[Saved entries]
•••••
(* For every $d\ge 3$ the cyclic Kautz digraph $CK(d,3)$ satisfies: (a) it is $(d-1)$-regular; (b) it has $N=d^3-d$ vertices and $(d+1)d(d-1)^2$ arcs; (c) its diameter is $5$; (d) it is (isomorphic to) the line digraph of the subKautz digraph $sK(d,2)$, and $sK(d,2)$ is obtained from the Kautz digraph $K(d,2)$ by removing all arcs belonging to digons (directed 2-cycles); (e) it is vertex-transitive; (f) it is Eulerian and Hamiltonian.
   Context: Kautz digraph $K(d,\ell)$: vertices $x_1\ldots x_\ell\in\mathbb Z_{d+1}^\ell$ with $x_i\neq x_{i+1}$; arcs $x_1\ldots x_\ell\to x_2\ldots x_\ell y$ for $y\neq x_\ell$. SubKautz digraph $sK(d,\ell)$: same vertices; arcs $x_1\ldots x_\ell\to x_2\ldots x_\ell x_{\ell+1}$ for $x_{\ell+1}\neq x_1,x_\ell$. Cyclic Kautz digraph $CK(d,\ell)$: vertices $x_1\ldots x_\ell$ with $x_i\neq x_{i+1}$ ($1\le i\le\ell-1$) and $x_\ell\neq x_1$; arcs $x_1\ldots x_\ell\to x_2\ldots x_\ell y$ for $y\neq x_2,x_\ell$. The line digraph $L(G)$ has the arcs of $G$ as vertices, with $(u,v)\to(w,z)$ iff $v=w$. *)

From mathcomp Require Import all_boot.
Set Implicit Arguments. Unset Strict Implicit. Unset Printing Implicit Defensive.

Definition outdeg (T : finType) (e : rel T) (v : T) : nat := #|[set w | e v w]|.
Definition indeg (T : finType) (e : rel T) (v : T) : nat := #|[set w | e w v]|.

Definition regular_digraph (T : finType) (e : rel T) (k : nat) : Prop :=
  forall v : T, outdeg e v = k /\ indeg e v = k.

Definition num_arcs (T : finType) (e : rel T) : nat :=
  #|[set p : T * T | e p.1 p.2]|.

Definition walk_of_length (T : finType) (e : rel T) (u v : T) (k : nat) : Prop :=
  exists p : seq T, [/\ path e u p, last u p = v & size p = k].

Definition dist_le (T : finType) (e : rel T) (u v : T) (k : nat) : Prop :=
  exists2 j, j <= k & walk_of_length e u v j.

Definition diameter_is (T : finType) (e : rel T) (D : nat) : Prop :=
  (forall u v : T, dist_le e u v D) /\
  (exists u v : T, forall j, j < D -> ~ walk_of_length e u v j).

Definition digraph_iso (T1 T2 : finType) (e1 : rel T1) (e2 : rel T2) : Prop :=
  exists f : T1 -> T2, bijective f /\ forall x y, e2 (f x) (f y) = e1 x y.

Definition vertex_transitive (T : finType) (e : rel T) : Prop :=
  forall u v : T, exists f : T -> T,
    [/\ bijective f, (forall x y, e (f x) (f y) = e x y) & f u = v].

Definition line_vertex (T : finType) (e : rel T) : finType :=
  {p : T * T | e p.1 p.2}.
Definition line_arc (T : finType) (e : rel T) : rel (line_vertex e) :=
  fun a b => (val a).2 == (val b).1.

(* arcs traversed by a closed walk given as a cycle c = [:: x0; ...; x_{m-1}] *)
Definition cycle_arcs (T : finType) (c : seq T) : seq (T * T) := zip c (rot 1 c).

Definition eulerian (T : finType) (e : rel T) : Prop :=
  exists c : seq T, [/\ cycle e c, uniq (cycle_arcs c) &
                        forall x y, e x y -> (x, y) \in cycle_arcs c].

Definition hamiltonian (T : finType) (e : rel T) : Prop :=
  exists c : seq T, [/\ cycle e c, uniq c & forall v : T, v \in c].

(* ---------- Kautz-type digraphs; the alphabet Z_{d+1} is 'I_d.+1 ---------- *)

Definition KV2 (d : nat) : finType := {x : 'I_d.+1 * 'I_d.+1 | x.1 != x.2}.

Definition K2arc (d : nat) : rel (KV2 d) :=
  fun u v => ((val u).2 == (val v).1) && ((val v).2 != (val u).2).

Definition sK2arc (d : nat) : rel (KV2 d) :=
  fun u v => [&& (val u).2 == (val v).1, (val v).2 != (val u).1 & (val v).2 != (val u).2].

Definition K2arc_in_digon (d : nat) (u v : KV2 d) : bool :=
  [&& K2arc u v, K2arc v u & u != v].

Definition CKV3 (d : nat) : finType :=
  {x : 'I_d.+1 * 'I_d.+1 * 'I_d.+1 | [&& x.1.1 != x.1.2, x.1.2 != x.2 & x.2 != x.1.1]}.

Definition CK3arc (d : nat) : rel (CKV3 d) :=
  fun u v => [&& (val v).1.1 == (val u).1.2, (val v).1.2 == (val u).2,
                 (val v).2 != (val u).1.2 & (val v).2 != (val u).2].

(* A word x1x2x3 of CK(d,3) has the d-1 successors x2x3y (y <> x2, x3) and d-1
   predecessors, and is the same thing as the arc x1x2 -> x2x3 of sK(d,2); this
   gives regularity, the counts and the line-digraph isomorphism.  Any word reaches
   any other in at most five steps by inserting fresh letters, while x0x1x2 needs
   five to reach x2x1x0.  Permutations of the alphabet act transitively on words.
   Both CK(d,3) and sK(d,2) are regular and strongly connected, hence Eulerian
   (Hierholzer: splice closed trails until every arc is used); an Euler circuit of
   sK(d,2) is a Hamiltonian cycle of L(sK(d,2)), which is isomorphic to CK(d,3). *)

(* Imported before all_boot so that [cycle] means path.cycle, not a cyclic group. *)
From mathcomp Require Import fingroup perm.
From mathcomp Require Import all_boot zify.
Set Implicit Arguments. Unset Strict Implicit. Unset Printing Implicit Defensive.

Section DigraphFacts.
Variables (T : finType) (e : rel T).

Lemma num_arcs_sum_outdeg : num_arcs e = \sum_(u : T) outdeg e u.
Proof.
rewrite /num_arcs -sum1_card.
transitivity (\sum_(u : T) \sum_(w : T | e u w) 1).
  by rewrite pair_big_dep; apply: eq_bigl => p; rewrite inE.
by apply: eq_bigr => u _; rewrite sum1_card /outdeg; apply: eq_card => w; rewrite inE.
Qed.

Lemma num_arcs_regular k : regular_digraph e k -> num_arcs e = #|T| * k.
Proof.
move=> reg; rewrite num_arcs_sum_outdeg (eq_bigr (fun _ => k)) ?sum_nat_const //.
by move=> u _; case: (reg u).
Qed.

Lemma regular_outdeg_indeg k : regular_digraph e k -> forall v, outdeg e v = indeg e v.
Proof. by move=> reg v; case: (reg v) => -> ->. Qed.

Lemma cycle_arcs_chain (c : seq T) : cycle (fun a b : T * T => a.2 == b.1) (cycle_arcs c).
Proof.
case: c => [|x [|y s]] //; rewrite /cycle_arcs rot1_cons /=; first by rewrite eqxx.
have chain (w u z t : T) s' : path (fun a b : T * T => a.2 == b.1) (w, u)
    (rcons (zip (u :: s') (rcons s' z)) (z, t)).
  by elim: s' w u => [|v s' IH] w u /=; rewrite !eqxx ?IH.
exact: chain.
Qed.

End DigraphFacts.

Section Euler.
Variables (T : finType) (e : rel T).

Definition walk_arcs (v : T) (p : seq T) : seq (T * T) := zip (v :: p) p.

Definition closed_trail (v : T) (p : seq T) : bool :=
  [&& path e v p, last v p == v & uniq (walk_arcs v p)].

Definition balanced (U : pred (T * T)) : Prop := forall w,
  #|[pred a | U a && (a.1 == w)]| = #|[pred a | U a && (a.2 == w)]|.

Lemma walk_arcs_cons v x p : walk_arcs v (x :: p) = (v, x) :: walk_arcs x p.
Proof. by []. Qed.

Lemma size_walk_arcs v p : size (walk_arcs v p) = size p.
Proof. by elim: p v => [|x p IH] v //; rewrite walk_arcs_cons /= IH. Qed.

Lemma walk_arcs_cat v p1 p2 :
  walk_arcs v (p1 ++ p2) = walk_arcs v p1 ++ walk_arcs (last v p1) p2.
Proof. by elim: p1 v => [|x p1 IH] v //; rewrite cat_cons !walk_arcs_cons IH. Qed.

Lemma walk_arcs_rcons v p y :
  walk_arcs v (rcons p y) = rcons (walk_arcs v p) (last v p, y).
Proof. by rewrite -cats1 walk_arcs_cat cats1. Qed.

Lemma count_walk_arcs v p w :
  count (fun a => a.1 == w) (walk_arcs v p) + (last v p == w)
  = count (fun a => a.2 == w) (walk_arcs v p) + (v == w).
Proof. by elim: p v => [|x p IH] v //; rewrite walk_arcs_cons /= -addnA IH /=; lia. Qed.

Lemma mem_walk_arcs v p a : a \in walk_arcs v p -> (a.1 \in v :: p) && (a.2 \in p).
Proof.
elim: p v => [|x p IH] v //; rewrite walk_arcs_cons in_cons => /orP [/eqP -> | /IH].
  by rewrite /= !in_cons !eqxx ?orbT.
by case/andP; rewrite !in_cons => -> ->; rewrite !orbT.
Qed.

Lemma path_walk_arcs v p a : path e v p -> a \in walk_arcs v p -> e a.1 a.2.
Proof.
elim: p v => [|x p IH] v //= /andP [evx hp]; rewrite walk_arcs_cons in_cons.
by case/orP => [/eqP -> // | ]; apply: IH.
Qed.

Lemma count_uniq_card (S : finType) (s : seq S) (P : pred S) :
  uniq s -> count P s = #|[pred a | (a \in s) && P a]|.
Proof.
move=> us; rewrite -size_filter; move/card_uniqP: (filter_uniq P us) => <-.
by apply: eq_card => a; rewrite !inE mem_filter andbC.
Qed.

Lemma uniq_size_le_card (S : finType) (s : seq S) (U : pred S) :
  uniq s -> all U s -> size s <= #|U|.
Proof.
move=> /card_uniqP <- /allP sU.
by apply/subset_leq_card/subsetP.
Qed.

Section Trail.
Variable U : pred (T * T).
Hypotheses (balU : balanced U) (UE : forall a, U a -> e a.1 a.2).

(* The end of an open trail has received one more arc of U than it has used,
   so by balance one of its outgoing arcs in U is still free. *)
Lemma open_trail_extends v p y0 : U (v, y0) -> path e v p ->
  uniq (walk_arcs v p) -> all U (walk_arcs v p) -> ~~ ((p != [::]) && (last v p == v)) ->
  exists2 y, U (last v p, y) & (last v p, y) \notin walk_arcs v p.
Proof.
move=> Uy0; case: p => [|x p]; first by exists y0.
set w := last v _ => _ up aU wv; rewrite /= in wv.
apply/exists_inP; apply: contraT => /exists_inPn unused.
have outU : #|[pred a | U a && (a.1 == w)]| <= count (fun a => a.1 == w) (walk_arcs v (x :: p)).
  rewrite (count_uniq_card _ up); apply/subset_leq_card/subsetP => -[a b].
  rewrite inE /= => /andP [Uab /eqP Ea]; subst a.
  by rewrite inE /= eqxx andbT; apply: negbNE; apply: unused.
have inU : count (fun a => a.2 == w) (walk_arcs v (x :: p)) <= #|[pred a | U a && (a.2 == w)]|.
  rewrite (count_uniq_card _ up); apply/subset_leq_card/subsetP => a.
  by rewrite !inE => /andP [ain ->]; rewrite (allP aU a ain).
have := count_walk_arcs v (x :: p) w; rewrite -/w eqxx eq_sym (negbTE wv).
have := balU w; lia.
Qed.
•••••
WORK INSTRUCTIONS:
From the entries above, restate word for word the lines from the line containing "by elim: s'" to the line containing "(walk_arcs v p) + (v == w).", both ends included, and nothing more.

SOLUTION FOR THIS TASK:
  by elim: s' w u => [|v s' IH] w u /=; rewrite !eqxx ?IH.
exact: chain.
Qed.

End DigraphFacts.

Section Euler.
Variables (T : finType) (e : rel T).

Definition walk_arcs (v : T) (p : seq T) : seq (T * T) := zip (v :: p) p.

Definition closed_trail (v : T) (p : seq T) : bool :=
  [&& path e v p, last v p == v & uniq (walk_arcs v p)].

Definition balanced (U : pred (T * T)) : Prop := forall w,
  #|[pred a | U a && (a.1 == w)]| = #|[pred a | U a && (a.2 == w)]|.

Lemma walk_arcs_cons v x p : walk_arcs v (x :: p) = (v, x) :: walk_arcs x p.
Proof. by []. Qed.

Lemma size_walk_arcs v p : size (walk_arcs v p) = size p.
Proof. by elim: p v => [|x p IH] v //; rewrite walk_arcs_cons /= IH. Qed.

Lemma walk_arcs_cat v p1 p2 :
  walk_arcs v (p1 ++ p2) = walk_arcs v p1 ++ walk_arcs (last v p1) p2.
Proof. by elim: p1 v => [|x p1 IH] v //; rewrite cat_cons !walk_arcs_cons IH. Qed.

Lemma walk_arcs_rcons v p y :
  walk_arcs v (rcons p y) = rcons (walk_arcs v p) (last v p, y).
Proof. by rewrite -cats1 walk_arcs_cat cats1. Qed.

Lemma count_walk_arcs v p w :
  count (fun a => a.1 == w) (walk_arcs v p) + (last v p == w)
  = count (fun a => a.2 == w) (walk_arcs v p) + (v == w).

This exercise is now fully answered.